Dataset entries:
Lemma cobb_douglas_incentive_ratio_ge N :
  0 < N -> incentive_ratio_at_least (fun m => @is_cobb_douglas R m) N.
Proof.
move=> N_gt0; pose b := (N + 1)^-1.
have b_gt0 : 0 < b by rewrite invr_gt0; lra.
have b_lt1 : b < 1 by rewrite invf_lt1; lra.
have Nb_le1 : N * b <= 1 by rewrite ler_pdivrMr; lra.
exists 2%N, 1%N, (cobb_douglas_economy b), unit_endowments, ord0, (cobb_douglas (vec2 1 0)); split.
- by move=> k; case: (ord2_cases k) => ->; apply: is_cobb_douglas_vec2; lra.
- by move=> k; case: (ord2_cases k) => ->; apply: nonneg_vec2.
- by apply: is_cobb_douglas_vec2; lra.
- by exists (vec2 (vec2 0 b) (vec2 1 (1 - b))), (vec2 b 1); apply: cobb_douglas_economy_eq.
exists (vec2 (vec2 1 1) (fun=> 0)); split.
- exists (vec2 1 0); apply: all_to_agent0_eq => y y_ge0 y_budget;
    rewrite /misreport /cobb_douglas_economy /= ?vec2E.
  + by rewrite !cobb_douglas10 //; exact: nonneg_vec2.
  + have y0_eq0 : y ord0 = 0 by apply/le_anti/andP.
    by rewrite !(cobb_douglas_eq0 (j := ord0)) ?vec2E.
- by rewrite /cobb_douglas_economy vec2E cobb_douglas01 ?vec2E //; exact: nonneg_vec2.
- move=> x [p x_eq]; have [_ _ /(_ ord0)[x0_ge0 _ _]] := x_eq.
  rewrite /cobb_douglas_economy !vec2E !cobb_douglas01 ?vec2E //; last exact: nonneg_vec2.
  by rewrite (cobb_douglas_economy_share b_gt0 b_lt1 x_eq).
Qed.

End CobbDouglasCounterexample.

Theorem proposition1 (R : realType) :
  (forall N : R, 0 < N -> incentive_ratio_at_least (fun m => @is_leontief R m) N) /\
  (forall N : R, 0 < N -> incentive_ratio_at_least (fun m => @is_cobb_douglas R m) N).
Proof. by split=> N; [exact: leontief_incentive_ratio_ge | exact: cobb_douglas_incentive_ratio_ge]. Qed.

What to work on:
Write out the lines above from the one containing "rewrite !cobb_douglas10 //; exact: nonneg_vec2." through the last, exactly as they are.

The completed task:
  + by rewrite !cobb_douglas10 //; exact: nonneg_vec2.
  + have y0_eq0 : y ord0 = 0 by apply/le_anti/andP.
    by rewrite !(cobb_douglas_eq0 (j := ord0)) ?vec2E.
- by rewrite /cobb_douglas_economy vec2E cobb_douglas01 ?vec2E //; exact: nonneg_vec2.
- move=> x [p x_eq]; have [_ _ /(_ ord0)[x0_ge0 _ _]] := x_eq.
  rewrite /cobb_douglas_economy !vec2E !cobb_douglas01 ?vec2E //; last exact: nonneg_vec2.
  by rewrite (cobb_douglas_economy_share b_gt0 b_lt1 x_eq).
Qed.

End CobbDouglasCounterexample.

Theorem proposition1 (R : realType) :
  (forall N : R, 0 < N -> incentive_ratio_at_least (fun m => @is_leontief R m) N) /\
  (forall N : R, 0 < N -> incentive_ratio_at_least (fun m => @is_cobb_douglas R m) N).
Proof. by split=> N; [exact: leontief_incentive_ratio_ge | exact: cobb_douglas_incentive_ratio_ge]. Qed.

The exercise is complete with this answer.